Posted to commits@druid.apache.org by GitBox <gi...@apache.org> on 2020/08/25 19:43:32 UTC

[GitHub] [druid] clintropolis commented on pull request #9638: refactor internal type system

clintropolis commented on pull request #9638:
URL: https://github.com/apache/druid/pull/9638#issuecomment-680232328


   >In addition to the line comments, could you discuss a bit about how you approached testing this change to make sure nothing funky is going to happen? What risks did you see and how do the existing/new tests speak to them?
   
   
   Despite touching a lot of files, I feel like this PR currently has a relatively light impact; besides the refactoring, the primary differences are that array types produced by expressions and some post aggregators are now acknowledged by `ValueType`, and that row signatures in various places have been enriched to include type information for post aggregators as well as definitely complex types for aggregators.

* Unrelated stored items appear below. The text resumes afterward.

(* Combining (d N)^2 <= (K + N) Q with Q < 3 l^2 N gives
   K > (d^2 / (3 l^2) - 1) N, which exceeds (d - 2l)^2 / (4 l^2) N
   because d^2 + 12 d l - 24 l^2 > 0 when d > 2 l. *)
Lemma expansion_from_sqnorm {R : realFieldType} {N K d l Q : R} :
  0 < l -> 2 * l < d -> 0 < N -> 0 <= K ->
  (d * N) ^+ 2 <= (K + N) * Q -> Q < 3 * (l ^+ 2 * N) ->
  (d - 2 * l) ^+ 2 / (4 * l ^+ 2) * N < K.
Proof.
move=> l0 ld N0 K0 hCS hQ.
have KN : 0 < K + N by lra.
have h1 : d ^+ 2 * N < 3 * l ^+ 2 * (K + N).
  rewrite -(ltr_pM2r N0) (_ : d ^+ 2 * N * N = (d * N) ^+ 2); last by ring.
  rewrite (_ : _ * _ * N = (K + N) * (3 * (l ^+ 2 * N))); last by ring.
  by apply: le_lt_trans hCS _; rewrite ltr_pM2l.
rewrite mulrAC ltr_pdivrMr; last by rewrite mulr_gt0 ?exprn_gt0.
have : 0 <= (d ^+ 2 + 12 * d * l - 24 * l ^+ 2) * N by apply: mulr_ge0; nra.
nra.
Qed.

Section DotProduct.
Local Open Scope sesquilinear_scope.
Context {C : numClosedFieldType} {n : nat}.
Implicit Types (u v : 'rV[C]_n).

Lemma dotmx_sum u v : dotmx u v = \sum_j u 0 j * (v 0 j)^*.
Proof. by rewrite dotmxE mxE; apply: eq_bigr => j _; rewrite !mxE. Qed.

Lemma dotmx_self u : dotmx u u = \sum_j `|u 0 j| ^+ 2.
Proof. by rewrite dotmx_sum; apply: eq_bigr => j _; rewrite normCK. Qed.

End DotProduct.

Section HermitianSpectrum.
Local Open Scope sesquilinear_scope.
Context {C : numClosedFieldType} {n : nat}.
Variable A : 'M[C]_n.
Hypothesis A_herm : A \is hermsymmx.
Implicit Types (u v e x : 'rV[C]_n) (c l : C).

Local Notation P := (spectralmx A).
Local Notation D := (spectral_diag A).
Local Notation coords v := (v *m P^t*).

Definition spectrum : seq C := [seq D 0 j | j <- enum 'I_n].

Lemma spectral_decomp : A = P^t* *m diag_mx D *m P.
Proof.
rewrite -invmx_unitary ?spectral_unitarymx //.
exact/orthomx_spectralP/hermitian_normalmx.
Qed.

Lemma coords_mulmx v : coords (v *m A) = coords v *m diag_mx D.
Proof. by rewrite {1}spectral_decomp !mulmxA mulmxtVK ?spectral_unitarymx. Qed.

Lemma dotmx_coords u v : dotmx (coords u) (coords v) = dotmx u v.
Proof.
by rewrite !dotmxE trmx_mul map_mxM trmxCK mulmxA mulmxKtV ?spectral_unitarymx.
Qed.

Lemma coords_eq0 v : (coords v == 0) = (v == 0).
Proof.
apply/eqP/eqP => [v0|->]; last by rewrite mul0mx.
by rewrite -(mulmxKtV v (spectral_unitarymx A)) // v0 mul0mx.
Qed.

Lemma char_poly_diag_conj (E : 'rV[C]_n) :
  char_poly (P^t* *m diag_mx E *m P) = \prod_j ('X - (E 0 j)%:P).
Proof.
rewrite -invmx_unitary ?spectral_unitarymx // char_poly_conj ?spectral_unit //.
rewrite char_poly_trig ?diag_mx_is_trig //.
by apply: eq_bigr => j _; rewrite mxE eqxx mulr1n.
Qed.

Lemma char_poly_spectrum : char_poly A = \prod_(z <- spectrum) ('X - z%:P).
Proof. by rewrite {1}spectral_decomp char_poly_diag_conj big_map big_enum. Qed.

Lemma char_poly_opp_spectrum :
  char_poly (- A) = \prod_(z <- spectrum) ('X - (- z)%:P).
Proof.
have -> : - A = P^t* *m diag_mx (- D) *m P.
  by rewrite {1}spectral_decomp linearN /= mulmxN mulNmx.
rewrite char_poly_diag_conj big_map big_enum /=.
by apply: eq_bigr => j _; rewrite mxE.
Qed.

Lemma count_spectrum_opp (l : C) : char_poly (- A) = char_poly A ->
  count (fun z => z < - l) spectrum = count (fun z => l < z) spectrum.
Proof.
move=> chN; have sym : perm_eq [seq - z | z <- spectrum] spectrum.
  by apply: prod_XsubC_eq; rewrite big_map -char_poly_opp_spectrum chN char_poly_spectrum.
by rewrite -(permP sym) count_map; apply: eq_count => z /=; rewrite ltrN2.
Qed.

Lemma eigvec_coords e c j : e *m A = c *: e -> coords e 0 j != 0 -> D 0 j = c.
Proof.
move=> eA nz; have := congr1 (fun M : 'rV[C]_n => M 0 j) (coords_mulmx e).
rewrite eA -scalemxAl mul_mx_diag [LHS]mxE [RHS]mxE => ce.
by apply: (mulIf nz); rewrite mulrC -ce.
Qed.

Lemma eigvec_concentrated (p : pred C) e c :
  (count p spectrum <= 1)%N -> p c -> e *m A = c *: e -> e != 0 ->
  exists a, [/\ D 0 a = c, coords e 0 a != 0 &
                forall j, j != a -> coords e 0 j = 0].
Proof.
move=> cnt pc eA en0.
have [a nza|all0] := pickP (fun j => coords e 0 j != 0); last first.
  suff : coords e == 0 by rewrite coords_eq0 (negbTE en0).
  by apply/eqP/rowP => j; rewrite [RHS]mxE; apply/eqP/negbFE/(all0 j).
exists a; split=> // [|j]; first exact: eigvec_coords _ _ _ eA nza.
apply: contraNeq => nzj; apply/eqP.
apply: (@count_map_le1_eq _ _ (fun j => D 0 j) p _ _ cnt).
  by rewrite (eigvec_coords _ _ _ eA nzj).
by rewrite (eigvec_coords _ _ _ eA nza).
Qed.

Lemma dotmx_concentrated x e a : coords e 0 a != 0 ->
  (forall j, j != a -> coords e 0 j = 0) ->
  `|dotmx x e| ^+ 2 / dotmx e e = `|coords x 0 a| ^+ 2.
Proof.
move=> nza za.
have -> : dotmx x e = coords x 0 a * (coords e 0 a)^*.
  rewrite -dotmx_coords dotmx_sum (bigD1 a) //= big1 ?addr0 // => j ja.
  by rewrite za // conjC0 mulr0.
have -> : dotmx e e = `|coords e 0 a| ^+ 2.
  rewrite -dotmx_coords dotmx_self (bigD1 a) //= big1 ?addr0 // => j ja.
  by rewrite za // normr0 expr0n.
by rewrite normrM norm_conjC exprMn mulfK // expf_neq0 // normr_eq0.
Qed.

(* If at most one eigenvalue exceeds l and the spectrum
   is symmetric, with eigenvectors e1 for c1 > l and e2 for c2 < -l, then all
   other eigenvalues lie in [-l, l], whence |x A|^2 is at most l^2 |x|^2 plus
   the excess of c1^2 and c2^2 over l^2 on the projections onto e1 and e2. *)
Lemma hermitian_sqnorm_bound l c1 c2 e1 e2 x :
  0 <= l -> (count (fun z : C => (l < z)%R) spectrum <= 1)%N ->
  char_poly (- A) = char_poly A ->
  e1 *m A = c1 *: e1 -> e1 != 0 -> l < c1 ->
  e2 *m A = c2 *: e2 -> e2 != 0 -> c2 < - l ->
  dotmx (x *m A) (x *m A) <= l ^+ 2 * dotmx x x
    + (`|c1| ^+ 2 - l ^+ 2) * (`|dotmx x e1| ^+ 2 / dotmx e1 e1)
    + (`|c2| ^+ 2 - l ^+ 2) * (`|dotmx x e2| ^+ 2 / dotmx e2 e2).
Proof.
move=> l0 cnt1 chN eA1 e1n0 lc1 eA2 e2n0 c2l.
have cnt2 : (count (fun z : C => (z < - l)%R) spectrum <= 1)%N.
  by rewrite count_spectrum_opp.
have [a [Da nza za]] := eigvec_concentrated _ _ _ cnt1 lc1 eA1 e1n0.
have [b [Db nzb zb]] := eigvec_concentrated _ _ _ cnt2 c2l eA2 e2n0.
have ab : a != b.
  have c21 : c2 < c1.
    by rewrite (lt_trans c2l) // (le_lt_trans _ lc1) // (le_trans _ l0) // oppr_le0.
  by apply: contraTneq c21 => ab; rewrite -Da -Db ab ltxx.
have Dreal j : D 0 j \is Num.real.
  by have /mxOverP := hermitian_spectral_diag_real A_herm; apply.
have lreal : l \is Num.real by rewrite ger0_real.
have small j : j != a -> j != b -> `|D 0 j| ^+ 2 <= l ^+ 2.
  move=> ja jb; apply: lerXn2r; rewrite ?nnegrE ?normr_ge0 //.
  rewrite real_ler_norml //; apply/andP; split.
    rewrite real_leNgt ?rpredN //; apply: contra jb => ltj; apply/eqP.
    by apply: (@count_map_le1_eq _ _ (fun j => D 0 j) _ _ _ cnt2) => //=; rewrite Db.
  rewrite real_leNgt //; apply: contra ja => ltj; apply/eqP.
  by apply: (@count_map_le1_eq _ _ (fun j => D 0 j) _ _ _ cnt1) => //=; rewrite Da.
rewrite (dotmx_concentrated _ _ _ nza za) (dotmx_concentrated _ _ _ nzb zb).
rewrite -[dotmx (x *m A) _]dotmx_coords -[dotmx x x]dotmx_coords coords_mulmx.
rewrite !dotmx_self -Da -Db.
under eq_bigr => j _ do rewrite mul_mx_diag mxE normrM exprMn.
by apply: sum_two_exceptions => // j; rewrite exprn_ge0.
Qed.

End HermitianSpectrum.

Definition rdot {R : numDomainType} {n} (u v : 'rV[R]_n) : R := \sum_j u 0 j * v 0 j.

Section RealSymmetric.
Local Open Scope sesquilinear_scope.
Context {R : rcfType} {n : nat}.
Local Notation rc := (real_complex R).
Implicit Types (u v x e : 'rV[R]_n) (l c : R).

Lemma conj_real_complex (r : R) : (rc r)^* = rc r.
Proof. by apply: conj_Creal; rewrite complex_real. Qed.

Lemma sqr_norm_real_complex (r : R) : `|rc r| ^+ 2 = rc (r ^+ 2).
Proof. by rewrite normCK conj_real_complex rmorphXn expr2. Qed.

Lemma rdot_complex u v : rc (rdot u v) = dotmx (map_mx rc u) (map_mx rc v).
Proof.
rewrite dotmx_sum rmorph_sum; apply: eq_bigr => j _.
by rewrite !mxE rmorphM conj_real_complex.
Qed.

Lemma symmetric_sqnorm_bound (A : 'M[R]_n) (s : seq R) l c1 c2 e1 e2 x :
  A^T = A -> char_poly A = \prod_(y <- s) ('X - y%:P) ->
  char_poly (- A) = char_poly A -> (count (fun y => (l < y)%R) s <= 1)%N ->
  0 <= l ->
  e1 *m A = c1 *: e1 -> e1 != 0 -> l < c1 ->
  e2 *m A = c2 *: e2 -> e2 != 0 -> c2 < - l ->
  rdot (x *m A) (x *m A) <= l ^+ 2 * rdot x x
    + (c1 ^+ 2 - l ^+ 2) * (rdot x e1 ^+ 2 / rdot e1 e1)
    + (c2 ^+ 2 - l ^+ 2) * (rdot x e2 ^+ 2 / rdot e2 e2).
Proof.
move=> Asym chA chN cnt l0 eA1 e1n0 lc1 eA2 e2n0 c2l.
have herm : map_mx rc A \is hermsymmx.
  apply/is_hermitianmxP; rewrite expr0 scale1r; apply/matrixP => i j.
  by rewrite !mxE conj_real_complex -[in LHS]Asym mxE.
have spec : perm_eq (spectrum (map_mx rc A)) [seq rc y | y <- s].
  apply: prod_XsubC_eq; rewrite -char_poly_spectrum // -map_char_poly chA.
  by rewrite rmorph_prod big_map; apply: eq_bigr => y _; exact: map_polyXsubC.
have cntC : (count (fun z => (rc l < z)%R) (spectrum (map_mx rc A)) <= 1)%N.
  by rewrite (permP spec) count_map (eq_count (a2 := fun y => (l < y)%R)) // => y /=; rewrite ltcR.
have eigC e c : e *m A = c *: e -> map_mx rc e *m map_mx rc A = rc c *: map_mx rc e.
  by move=> eA; rewrite -map_mxM eA map_mxZ.
have nzC e : e != 0 -> map_mx rc e != 0 by rewrite map_mx_eq0.
have chNC : char_poly (- map_mx rc A) = char_poly (map_mx rc A).
  by rewrite -map_mxN -!map_char_poly chN.
have := hermitian_sqnorm_bound _ herm (rc l) (rc c1) (rc c2) _ _ (map_mx rc x) _ cntC chNC
  (eigC _ _ eA1) (nzC _ e1n0) _ (eigC _ _ eA2) (nzC _ e2n0).
rewrite lecR ltcR -rmorphN ltcR => /(_ l0 lc1 c2l).
rewrite -map_mxM -!rdot_complex !sqr_norm_real_complex -rmorphXn.
by rewrite -!fmorph_div -!rmorphB -!rmorphM -!rmorphD lecR.
Qed.
Lemma lies_over_unique y b z1 z2 :
  V a0 y -> lies_over y b z1 -> lies_over y b z2 -> z1 = z2.
Proof.
  destruct r_functor as [_ r_comp].
  intros Hy [c1 [h11 [h12 [w1 [Hw1 [E1 <-]]]]]] [c2 [h21 [h22 [w2 [Hw2 [E2 <-]]]]]].
  destruct (ole_upper_bound O lt W c1 c2) as [c [k1 k2]].
  assert (h0 : ole lt a0 c) by exact (ole_trans W h11 k1).
  destruct (proj1 (V_image a0 c h0 y) Hy) as [w [Hw Ew]].
  assert (through_w : forall ci (hi1 : ole lt a0 ci) (hi2 : ole lt b ci) wi
            (ki : ole lt ci c), V ci wi -> r a0 ci hi1 wi = y ->
            r b ci hi2 wi = r b c (ole_trans W hi2 ki) w).
  { intros ci hi1 hi2 wi ki Hwi Ei.
    assert (E : r ci c ki w = wi).
    { apply (V_inj ci hi1); auto.
      - apply (V_image ci c ki); eauto.
      - rewrite (r_comp _ _ _ _ _ h0). congruence. }
    rewrite <- E. apply r_comp. }
  rewrite (through_w c1 h11 h12 w1 k1), (through_w c2 h21 h22 w2 k2),
    (proof_irrelevance _ (ole_trans W h12 k1) (ole_trans W h22 k2)); auto.
Qed.

Lemma lim_lift :
  exists lift : {y | V a0 y} -> lim r,
    (forall p, proj1_sig (lift p) a0 = proj1_sig p) /\
    (forall p b, V b (proj1_sig (lift p) b)).
Proof.
  set (thread := fun (p : {y | V a0 y}) b =>
         proj1_sig (constructive_indefinite_description _
                      (lies_over_exists (proj1_sig p) (proj2_sig p) b))).
  assert (thread_over : forall p b, lies_over (proj1_sig p) b (thread p b)).
  { intros p b. exact (proj2_sig (constructive_indefinite_description _ _)). }
  assert (thread_compat : forall p a b (h : ole lt a b), r a b h (thread p b) = thread p a).
  { intros p a b h. apply (lies_over_unique (proj1_sig p) a _ _ (proj2_sig p)); auto.
    apply lies_over_restrict, thread_over. }
  exists (fun p => exist _ (thread p) (thread_compat p)). simpl. split.
  - intro p. apply (lies_over_unique (proj1_sig p) a0 _ _ (proj2_sig p)); auto.
    exists a0, (ole_refl O lt a0), (ole_refl O lt a0), (proj1_sig p).
    rewrite (proj1 r_functor). split; [exact (proj2_sig p) | auto].
  - intros p b. eapply lies_over_V, thread_over.
Qed.

End InverseLimit.

Section TermLimit.

Variables (Th : theory) (O : Type) (lt : O -> O -> Prop) (W : is_well_order lt)
  (X : O -> Type) (r : forall a b, ole lt a b -> X b -> X a).

Let pi a (x : lim r) : X a := proj1_sig x a.

Lemma Tm_lim_injective (a0 : O) (t s : Tm (sig Th) (lim r)) :
  (forall a, teq Th (Tm_map (pi a) t) (Tm_map (pi a) s)) -> teq Th t s.
Proof.
  intro E. destruct (lim_separate_list O lt W X r a0 (vars t ++ vars s)) as [a Ha].
  apply (teq_Tm_map_reflect _ _ _ (pi a)); auto.
  intros x x' Hx Hx'. apply Ha; apply in_or_app; rewrite !In_vars; tauto.
Qed.
(* Let $q\ge 4$. Every twisted cubic of $\mathrm{PG}(U_1)$ that is contained in $\mathcal O_1$ is of the form $\theta(L)$ for some $q$-order subline $L$ of $\mathrm{PG}(1,q^3)$.
   Context: $q$ is a prime power. Let $U_1\subset\mathbb F_{q^3}^8$ be the set of vectors $(a,b^{q^2},b^{q},c,b,c^{q},c^{q^2},d)$ with $a,d\in\mathbb F_q$, $b,c\in\mathbb F_{q^3}$; it is an $8$-dimensional $\mathbb F_q$-vector space, so $\mathrm{PG}(U_1)\cong\mathrm{PG}(7,q)$. For $(a,b,c,d)\ne 0$ let $P(a,b,c,d)$ be the point of $\mathrm{PG}(U_1)$ spanned by this vector. Let $\mathcal O_1=\{P(1,t,t^{q^2+q},t^{q^2+q+1}) : t\in\mathbb F_{q^3}\}\cup\{P(0,0,0,1)\}$. Let $\theta:\mathrm{PG}(1,q^3)\to\mathcal O_1$ be the bijection $\langle(1,t)\rangle\mapsto P(1,t,t^{q^2+q},t^{q^2+q+1})$, $\langle(0,1)\rangle\mapsto P(0,0,0,1)$. A $q$-order subline of $\mathrm{PG}(1,q^3)$ is the image of $\mathrm{PG}(1,q)=\{\langle(1,t)\rangle:t\in\mathbb F_q\}\cup\{\langle(0,1)\rangle\}$ under an element of $\mathrm{PGL}(2,q^3)$. *)

From mathcomp Require Import all_boot all_order all_algebra all_field.
Set Implicit Arguments. Unset Strict Implicit. Unset Printing Implicit Defensive.
Import GRing.Theory.
Local Open Scope ring_scope.

(* F plays the role of F_{q^3}; the subfield F_q is {x | x^q = x}. *)
Definition inFq (F : fieldType) (q : nat) (x : F) : bool := x ^+ q == x.

Definition vecU1 (F : fieldType) (q : nat) (a b c d : F) : 'rV[F]_8 :=
  \row_(i < 8) nth 0 [:: a; b ^+ (q ^ 2)%N; b ^+ q; c; b; c ^+ q; c ^+ (q ^ 2)%N; d] i.

Definition inU1 (F : fieldType) (q : nat) (v : 'rV[F]_8) : Prop :=
  exists a b c d : F, [/\ inFq q a, inFq q d & v = vecU1 q a b c d].

Definition same_point (F : fieldType) (q : nat) (u v : 'rV[F]_8) : Prop :=
  exists l : F, [/\ inFq q l, l != 0 & u = l *: v].

(* a representative vector of theta(<x>) for a nonzero x in F^2:
   <(x1,x2)> = <(1, x2/x1)> if x1 <> 0, and <(0,1)> otherwise. *)
Definition theta_vec (F : fieldType) (q : nat) (x : F * F) : 'rV[F]_8 :=
  if x.1 == 0 then vecU1 q 0 0 0 1
  else let t := x.2 / x.1 in
       vecU1 q 1 t (t ^+ (q ^ 2 + q)%N) (t ^+ (q ^ 2 + q + 1)%N).

Definition in_O1 (F : fieldType) (q : nat) (u : 'rV[F]_8) : Prop :=
  exists x : F * F, x != (0, 0) /\ same_point q u (theta_vec q x).

Definition Fq_indep4 (F : fieldType) (q : nat) (v0 v1 v2 v3 : 'rV[F]_8) : Prop :=
  forall a0 a1 a2 a3 : F, inFq q a0 -> inFq q a1 -> inFq q a2 -> inFq q a3 ->
    a0 *: v0 + a1 *: v1 + a2 *: v2 + a3 *: v3 = 0 ->
    [/\ a0 = 0, a1 = 0, a2 = 0 & a3 = 0].

Definition cubic_vec (F : fieldType) (v0 v1 v2 v3 : 'rV[F]_8) (s t : F) : 'rV[F]_8 :=
  s ^+ 3 *: v0 + (s ^+ 2 * t) *: v1 + (s * t ^+ 2) *: v2 + t ^+ 3 *: v3.

(* A twisted cubic of PG(U_1): image of the standard one
   {<(s^3, s^2 t, s t^2, t^3)> : (s,t) in F_q^2 \ 0} under the F_q-linear map
   e_i |-> v_i, with v_0..v_3 in U_1 linearly independent over F_q
   (i.e. a normal rational curve spanning a solid of PG(U_1)). *)
Definition twisted_cubic_basis (F : fieldType) (q : nat) (v0 v1 v2 v3 : 'rV[F]_8) : Prop :=
  [/\ inU1 q v0, inU1 q v1, inU1 q v2, inU1 q v3 & Fq_indep4 q v0 v1 v2 v3].

Definition on_cubic (F : fieldType) (q : nat) (v0 v1 v2 v3 : 'rV[F]_8) (u : 'rV[F]_8) : Prop :=
  exists s t : F, [/\ inFq q s, inFq q t, (s, t) != (0, 0)
                    & same_point q u (cubic_vec v0 v1 v2 v3 s t)].

(* image of <(s,t)> under the element of PGL(2,q^3) given by M (row convention) *)
Definition mob (F : fieldType) (M : 'M[F]_2) (s t : F) : F * F :=
  (s * M ord0 ord0 + t * M ord_max ord0, s * M ord0 ord_max + t * M ord_max ord_max).

(* u spans a point of theta(L), L the q-order subline given by M *)
Definition on_theta_subline (F : fieldType) (q : nat) (M : 'M[F]_2) (u : 'rV[F]_8) : Prop :=
  exists s t : F, [/\ inFq q s, inFq q t, (s, t) != (0, 0)
                    & same_point q u (theta_vec q (mob M s t))].

From mathcomp Require Import all_boot all_order all_algebra all_field.
From mathcomp Require Import cyclic ring zify.
Set Implicit Arguments. Unset Strict Implicit. Unset Printing Implicit Defensive.
Import GRing.Theory.
Local Open Scope ring_scope.

(* theta is x |-> x (x) x^(q) (x) x^(q^2) in disguise, so PGL(2,q^3) acts on O_1
   through M |-> M (x) M^(q) (x) M^(q^2) compatibly with theta.  By
   3-transitivity we may assume that the cubic passes through theta(0),
   theta(oo) and theta(1) at the parameters 0, oo and 1.  The cubic then lies
   in the solid spanned by these three points and a fourth one, theta(t); as
   q >= 4 there is a fifth point, and comparing two of its coordinates forces
   t into F_q.  Hence the cubic lies in the F_q-rational solid, whose points on
   O_1 are exactly theta(PG(1,q)), and since the parameter map of the cubic is
   injective it hits all of them. *)

Section FixedField.
Variables (F : fieldType) (q : nat).
Implicit Types (x y l : F) (u v w : 'rV[F]_8).

Definition frob x := x ^+ q.

Lemma frobM x y : frob (x * y) = frob x * frob y. Proof. exact: exprMn. Qed.
Lemma frobV x : frob x^-1 = (frob x)^-1. Proof. exact: exprVn. Qed.
Lemma frob1 : frob 1 = 1. Proof. exact: expr1n. Qed.

Definition normq x := x * frob x * frob (frob x).

Lemma inFq_frob x : inFq q x -> frob x = x. Proof. by move/eqP. Qed.

Lemma inFq1 : inFq q (1 : F). Proof. exact/eqP/frob1. Qed.

Lemma inFqM x y : inFq q x -> inFq q y -> inFq q (x * y).
Proof. by rewrite /inFq exprMn => /eqP -> /eqP ->. Qed.

Lemma inFqV x : inFq q x -> inFq q x^-1.
Proof. by rewrite /inFq exprVn => /eqP ->. Qed.

Lemma inFq_div x y : inFq q x -> inFq q y -> inFq q (x / y).
Proof. by move=> Fx Fy; rewrite inFqM ?inFqV. Qed.

Lemma inFqX x n : inFq q x -> inFq q (x ^+ n).
Proof. by move=> Fx; elim: n => [|n IHn]; rewrite ?inFq1 // exprS inFqM. Qed.

Lemma same_point_refl u : same_point q u u.
Proof. by exists 1; rewrite scale1r oner_eq0 inFq1. Qed.

Lemma same_point_sym u v : same_point q u v -> same_point q v u.
Proof.
case=> l [Fl l_neq0 ->]; exists l^-1.
by rewrite inFqV // invr_eq0 l_neq0 scalerA mulVf ?scale1r.
Qed.

Lemma same_point_trans v u w : same_point q u v -> same_point q v w -> same_point q u w.
Proof.
case=> l [Fl l_neq0 ->] [l' [Fl' l'_neq0 ->]].
by exists (l * l'); rewrite inFqM // mulf_neq0 // scalerA.
Qed.

Lemma same_pointZ l u : inFq q l -> l != 0 -> same_point q (l *: u) u.
Proof. by exists l. Qed.

Lemma same_point_mulmx u v (K : 'M[F]_8) :
  same_point q u v -> same_point q (u *m K) (v *m K).
Proof. by case=> l [Fl l_neq0 ->]; exists l; rewrite -scalemxAl. Qed.

End FixedField.

Arguments inFq1 {F q}.

Section Mobius.
Variable F : fieldType.
Implicit Types (s t a b : F) (x y w : F * F) (M : 'M[F]_2).

Lemma sum_ord2 (f : 'I_2 -> F) : \sum_(i < 2) f i = f ord0 + f ord_max.
Proof. by rewrite big_ord_recl big_ord1; congr (_ + f _); apply: val_inj. Qed.

Lemma mob_mulmx M M' s t : mob M' (mob M s t).1 (mob M s t).2 = mob (M *m M') s t.
Proof. by rewrite /mob !mxE !sum_ord2 /=; congr pair; ring. Qed.

Lemma mob1 s t : mob 1%:M s t = (s, t).
Proof. by rewrite /mob !mxE /=; congr pair; ring. Qed.

Lemma mob_eq0 M s t : M \in unitmx -> (mob M s t == (0, 0)) = ((s, t) == (0, 0)).
Proof.
move=> M_unit; apply/eqP/eqP => [st0|[-> ->]]; last by rewrite /mob !mul0r addr0.
by rewrite -[(s, t)]mob1 -(mulmxV M_unit) -mob_mulmx st0 /mob !mul0r addr0.
Qed.

Lemma pair1_neq0 a : (1, a) != (0, 0) :> F * F.
Proof. by rewrite xpair_eqE oner_eq0. Qed.

Lemma pair01_neq0 : (0, 1) != (0, 0) :> F * F.
Proof. by rewrite xpair_eqE oner_eq0 andbF. Qed.

Definition det2 x y := x.1 * y.2 - x.2 * y.1.

Definition rows2_mx x y : 'M[F]_2 :=
  \matrix_(i, j) (if i == ord0 then if j == ord0 then x.1 else x.2
                  else if j == ord0 then y.1 else y.2).

Lemma mob_rows2 x y s t : mob (rows2_mx x y) s t = (s * x.1 + t * y.1, s * x.2 + t * y.2).
Proof. by rewrite /mob !mxE. Qed.

Lemma unitmx2E M :
  (M \in unitmx) = (M ord0 ord0 * M ord_max ord_max - M ord0 ord_max * M ord_max ord0 != 0).
Proof.
rewrite unitmxE unitfE (expand_det_row _ ord0) !big_ord_recl big_ord0 addr0.
rewrite /cofactor !det_mx11 !mxE /= expr0 expr1 mul1r mulN1r mulrN.
by congr (_ * M _ _ - M _ _ * M _ _ != 0); apply: val_inj.
Qed.

Lemma unitmx_rows2 x y : (rows2_mx x y \in unitmx) = (det2 x y != 0).
Proof. by rewrite unitmx2E !mxE. Qed.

Its more like setting the stage for future cool stuff than introducing anything dramatic at this time. 
   
   Are you more curious/worried/hesitant/etc about the inclusion of array types, or the changes of including more type information in the `RowSignature`?
   
   If it is the former, it feels safe to me after my investigation and testing and I haven't _yet_ found issue with the array types existing. Grouping will effectively be treated the same as a complex type, and so invalid. ValueType handling is most often part of either a switch or if/else chain where the caller handles explicit types, and explode for things it does not understand. In fact the only way these array types can appear right now are from the few post aggregators that can produce them, since expression selectors and `ExprType` are not currently integrated with this, but probably will be in a future patch.
   
   If it is the latter, it would be trivial to add an escape hatch to at least the row signature changes, in the form of config `druid.something.enableAdvancedTypingInformation` or something, that would allow excluding all of this new stuff from the `RowSignature` and retain the current `null` type behavior.
   
   The primary tests added are around confirming that row signatures computed for a query matches the updated expectations, since that seems like the most noticeable change. On top of this, I've done some examining of how `RowSignature` type information and `ValueType` itself is used, as well as some manual prodding with the debugger, and haven't run into any issues yet with either the new value types or the additional signature information, though I'm sure it is possible there are things I missed.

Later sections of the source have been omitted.